Zebra mussels (black) took up residence on this endangered species, the Higgins eye pearly mussel (yellow). Image from here.
Predation: Guam, an island in the Pacific Ocean, has lost most of its birds to an invasive species. The brown tree snake was introduced to the island and wiped out three-quarters of the native bird species and two of the eleven native lizard species. Brown tree snakes have been introduced to other Pacific islands and had similar impacts in those places by eating eggs, young and adult birds, and reptiles.
The brown tree snake can climb trees and catch birds.
Herbivory: On the eastern side of the United States, two insects have been wiping out dominant trees. The Asian balsam woolly adelgid (Adelges piceae) has killed 90-99% of Fraser fir trees in some areas in the Appalachians by sucking the sap out of the trees. This adelgid also affects fir trees in Washington state and Oregon. Its relative, the hemlock woolly adelgid (Adelges tsugae), has killed most hemlock trees in New England.

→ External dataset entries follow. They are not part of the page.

Lemma max_left_sum_exists (k : nat) :
  exists V, uniform_continuity V (fun x => 0 <= x <= 1) /\ max_left_sum k V.
Proof.
  induction k as [|k [V [HVuc HV]]].
  - exists (fun s => bellman (fun _ => 0) s 1); split.
    + intros eps.
      assert (Hzero : uniform_continuity (fun _ : R => 0) (fun x => 0 <= x <= 1)).
      { intros e; exists e; intros; rewrite Rminus_eq_0, Rabs_R0; apply cond_pos. }
      destruct (bellman_uniform_continuity _ Hzero eps (cond_pos eps)) as [d [Hd Hclose]].
      exists (mkposreal d Hd); intros s s' Hs Hs' Hss; apply Hclose; auto; try lra.
      rewrite Rminus_eq_0, Rabs_R0; exact Hd.
    + intros s Hs; unfold bellman; rewrite Rmax_right by lra; split.
      * intros u [H0 [H1 _]]; unfold left_sum; simpl; rewrite H0, H1; lra.
      * exists (cons_seq s (fun _ => 1)); split.
        -- split; [reflexivity | split; [reflexivity|]].
           intros i Hi; replace i with 0%nat by lia; simpl; lra.
        -- unfold left_sum; simpl; ring.
  - destruct (bellman_max V HVuc) as [W [HWuc HW]].
    exists W; split; [exact HWuc|]; intros s Hs.
    destruct (HW s Hs) as [Hub [v [Hv Hvmax]]]; split.
    + intros u Hu.
      destruct (chain_from_range s (S k) u Hu 1 ltac:(lia)) as [Hu1 Hu1'].
      pose proof (Hub (u 1%nat) ltac:(lra)) as Hle; unfold bellman in Hle.
      rewrite Rmax_right in Hle by lra.
      destruct (HV (u 1%nat) ltac:(lra)) as [Htail _].
      pose proof (Htail _ (chain_from_tail s k u Hu)).
      destruct Hu as [H0 _]; rewrite left_sum_S, H0; lra.
    + assert (Hw : s <= Rmax s v <= 1) by (unfold Rmax; destruct Rle_dec; lra).
      destruct (HV (Rmax s v) ltac:(lra)) as [_ [u [Hu Hsum]]].
      exists (cons_seq s u); split.
      * apply (chain_from_cons s (Rmax s v)); [lra | exact Hu].
      * rewrite left_sum_S; change (fun i => cons_seq s u (S i)) with u.
        destruct Hu as [H0 _]; simpl; rewrite Hsum, H0, <- Hvmax; reflexivity.
Qed.

End Bellman.

Section PiecewiseConstant.

Variables (psi : R -> R) (m : nat) (t c : nat -> R).
Hypothesis t_0 : t 0%nat = 0.
Hypothesis t_step : forall i, (i <= m)%nat -> t i <= t (S i).
Hypothesis psi_piece : forall i, (1 <= i <= S m)%nat ->
  forall x, t (pred i) <= x < t i -> psi x = c i.

Lemma is_RInt_piecewise_const :
  is_RInt psi 0 (t (S m)) (sum_f_R0 (fun i => c (S i) * (t (S i) - t i)) m).
Proof.
  assert (Hpiece : forall i, (i <= m)%nat ->
    is_RInt psi (t i) (t (S i)) (c (S i) * (t (S i) - t i))).
  { intros i Hi; apply (is_RInt_ext (fun _ => c (S i))).
    - intros x Hx; rewrite Rmin_left, Rmax_right in Hx by (apply t_step; auto).
      symmetry; apply (psi_piece (S i)); [lia | simpl; lra].
    - replace (c (S i) * (t (S i) - t i)) with (scal (t (S i) - t i) (c (S i)))
        by (unfold scal; simpl; unfold mult; simpl; ring).
      apply (@is_RInt_const R_NormedModule). }
  enough (H : forall k, (k <= m)%nat ->
    is_RInt psi 0 (t (S k)) (sum_f_R0 (fun i => c (S i) * (t (S i) - t i)) k))
    by exact (H m (le_n m)).
  induction k as [|k IH]; intros Hk; simpl.
  - rewrite <- t_0; apply Hpiece; lia.
  - apply (is_RInt_Chasles psi 0 (t (S k)) (t (S (S k)))); [apply IH | apply Hpiece]; lia.
Qed.

Lemma RInt_sub_piecewise_const (phi : R -> R) :
  ex_RInt phi 0 1 -> t (S m) = 1 ->
  RInt (fun x => phi x - psi x) 0 1 =
  RInt phi 0 1 - sum_f_R0 (fun i => c (S i) * (t (S i) - t i)) m.
Proof.
  intros Hphi Ht1; apply is_RInt_unique.
  pose proof is_RInt_piecewise_const as Hpsi; rewrite Ht1 in Hpsi.
  exact (@is_RInt_minus R_NormedModule _ _ _ _ _ _ (RInt_correct _ _ _ Hphi) Hpsi).
Qed.

End PiecewiseConstant.

Lemma RInt_sub_admissible_ge (phi psi : R -> R) (m : nat) :
  ex_RInt phi 0 1 -> admissible phi m psi ->
  exists u, chain_from 0 m u /\
    RInt phi 0 1 - left_sum phi m u <= RInt (fun x => phi x - psi x) 0 1.
Proof.
  intros Hphi [[t [c [Ht0 [Ht1 [Hstep Hpiece]]]]] Hle].
  assert (Ht : chain_from 0 m t) by (split; [exact Ht0 | split; assumption]).
  exists t; split; [exact Ht|].
  rewrite (RInt_sub_piecewise_const psi m t c Ht0 Hstep Hpiece phi Hphi Ht1).
  enough (sum_f_R0 (fun i => c (S i) * (t (S i) - t i)) m <= left_sum phi m t) by lra.
  apply sum_Rle; intros i Hi.
  destruct (chain_from_range 0 m t Ht i ltac:(lia)) as [Hti Hti'].
  pose proof (Hstep i Hi).
  destruct (Req_dec (t i) (t (S i))) as [E|E]; [rewrite E; lra|].
  assert (psi (t i) = c (S i)) by (apply (Hpiece (S i)); [lia | simpl; lra]).
  assert (psi (t i) <= phi (t i)) by (apply Hle; lra).
  apply Rmult_le_compat_r; lra.
Qed.

Fixpoint staircase (t : nat -> R) (k : nat) (x : R) : R :=
  match k with
  | 0%nat => t 0%nat
  | S j => if Rle_dec (t (S j)) x then t (S j) else staircase t j x
  end.

Section Staircase.

Variables (t : nat -> R) (m : nat).
Hypothesis t_step : forall i, (i <= m)%nat -> t i <= t (S i).

Lemma staircase_piece (i : nat) (x : R) :
  (1 <= i <= S m)%nat -> t (pred i) <= x < t i -> staircase t m x = t (pred i).
Proof.
  intros Hi Hx; enough (H : forall k, (pred i <= k <= m)%nat -> staircase t k x = t (pred i))
    by (apply H; lia).
  induction k as [|k IH]; intros Hk; simpl.
  - f_equal; lia.
  - destruct (Nat.eq_dec (pred i) (S k)) as [E|E].
    + rewrite E in *; destruct Rle_dec; [reflexivity | lra].
    + destruct Rle_dec as [r|r]; [|apply IH; lia].
      assert (t i <= t (S k)) by (apply (steps_le_mono t m t_step); lia); lra.
Qed.

Lemma staircase_range (x : R) : t 0%nat <= x -> t 0%nat <= staircase t m x <= x.
Proof.
  intros Hx; enough (H : forall k, (k <= m)%nat -> t 0%nat <= staircase t k x <= x)
    by (apply H; lia).
  induction k as [|k IH]; intros Hk; simpl; [lra|].
  destruct Rle_dec as [r|r]; [|apply IH; lia].
  split; [apply (steps_le_mono t m t_step); lia | exact r].
Qed.

End Staircase.

Section StaircaseOfChain.

Variables (phi : R -> R) (m : nat) (t : nat -> R).
Hypothesis t_chain : chain_from 0 m t.

Lemma staircase_piecewise_const (i : nat) :
  (1 <= i <= S m)%nat -> forall x, t (pred i) <= x < t i ->
  phi (staircase t m x) = phi (t (pred i)).
Proof.
  destruct t_chain as [_ [_ Hstep]]; intros Hi x Hx.
  rewrite (staircase_piece t m Hstep i x Hi Hx); reflexivity.
Qed.

Lemma staircase_admissible :
  (forall x y, 0 <= x -> x <= y -> y <= 1 -> phi x <= phi y) ->
  admissible phi m (fun x => phi (staircase t m x)).
Proof.
  destruct t_chain as [Ht0 [Ht1 Hstep]]; intros Hmono; split.
  - exists t, (fun i => phi (t (pred i))); repeat split; try assumption.
    exact staircase_piecewise_const.
  - intros x Hx; destruct (staircase_range t m Hstep x ltac:(lra)); apply Hmono; lra.
Qed.

Lemma RInt_sub_staircase :
  ex_RInt phi 0 1 ->
  RInt (fun x => phi x - phi (staircase t m x)) 0 1 = RInt phi 0 1 - left_sum phi m t.
Proof.
  destruct t_chain as [Ht0 [Ht1 Hstep]]; intros Hphi.
  exact (RInt_sub_piecewise_const _ m t _ Ht0 Hstep staircase_piecewise_const phi Hphi Ht1).
Qed.

End StaircaseOfChain.

Lemma c_m_attained (phi psi0 : R -> R) (m : nat) :
  admissible phi m psi0 ->
  (forall psi, admissible phi m psi ->
     RInt (fun x => phi x - psi0 x) 0 1 <= RInt (fun x => phi x - psi x) 0 1) ->
  c_m phi m = Finite (RInt (fun x => phi x - psi0 x) 0 1).
Proof.
  intros Hpsi0 Hmin; apply is_glb_Rbar_unique; split.
  - intros r [psi [Hpsi ->]]; exact (Hmin psi Hpsi).
  - intros b Hb; apply Hb; exists psi0; split; [exact Hpsi0 | reflexivity].
Qed.

Theorem proposition4 (phi : R -> R) (m : nat)
  (Hcont : forall x : R, 0 <= x <= 1 -> continue_in phi (fun y => 0 <= y <= 1) x)
  (Hrange : forall x : R, 0 <= x <= 1 -> 0 <= phi x <= 1)
  (Hmono : forall x y : R, 0 <= x -> x <= y -> y <= 1 -> phi x <= phi y)
  (H0 : phi 0 = 0) (H1 : phi 1 = 1)
  (Hm : (1 <= m)%nat) :
  exists psi : R -> R,
    admissible phi m psi /\
    Finite (RInt (fun t => phi t - psi t) 0 1) = c_m phi m.
Proof.
  pose proof (ex_RInt_unit_interval phi Hcont) as Hint.
  destruct (max_left_sum_exists phi Hrange (uniform_continuity_unit_interval phi Hcont) m)
    as [V [_ HV]].
  destruct (HV 0 ltac:(lra)) as [Hbound [t [Ht Hopt]]].
  pose proof (staircase_admissible phi m t Ht Hmono) as Hadm.
  exists (fun x => phi (staircase t m x)); split; [exact Hadm|].
  symmetry; apply c_m_attained; [exact Hadm|].
  intros psi Hpsi; rewrite (RInt_sub_staircase phi m t Ht Hint).
  destruct (RInt_sub_admissible_ge phi psi m Hint Hpsi) as [u [Hu Hgap_u]].
  pose proof (Hbound u Hu); lra.
Qed.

Pathogens: Invasive species can be pathogens. One famous example is chestnut blight, a fungus that killed off pretty much all the chestnut trees in the eastern US by the 1940s. Chestnut trees, which were dominant throughout much of the eastern US, were replaced by oak trees. The effect of this change in dominant species was not fully studied at the time, but scientists believe that several species of moths went extinct when their chestnut tree hosts disappeared.
Hybridization: Sometimes species' genetic compositions can change drastically by mating with closely related species, making the less common species extinct by hybridization. Endemic species—those that live only in one place and nowhere else—are particularly vulnerable to hybridization if closely related species are introduced. North American mallards (Anas platyrhynchos) have been introduced in many places around the world and mate with other ducks in those places. Endemic ducks in Florida, Hawaii, New Zealand and Africa are in danger of extinction because of hybridization with the introduced North American mallard.
The Hawaiian duck is threatened by hybridization with the North American mallard. Image from here.
Since invasive species have such a big impact on biodiversity, many groups try to control or eradicate them. Efforts include manual removal, pesticides, and biological controls. Biological controls, or "biocontrols," work by finding a predator or pathogen from the native range of the invasive species and introducing it where the species has become invasive. Sometimes this is successful but other times it has awful unforeseen consequences. Cane toads were introduced to Australia to control the native cane beetle, which was harming sugar cane crops. The toads did not control the cane beetle, and reproduced so quickly that they spread all over Australia. Cane toads produce toxic secretions, which harm native predators and makes eradicating the toads difficult.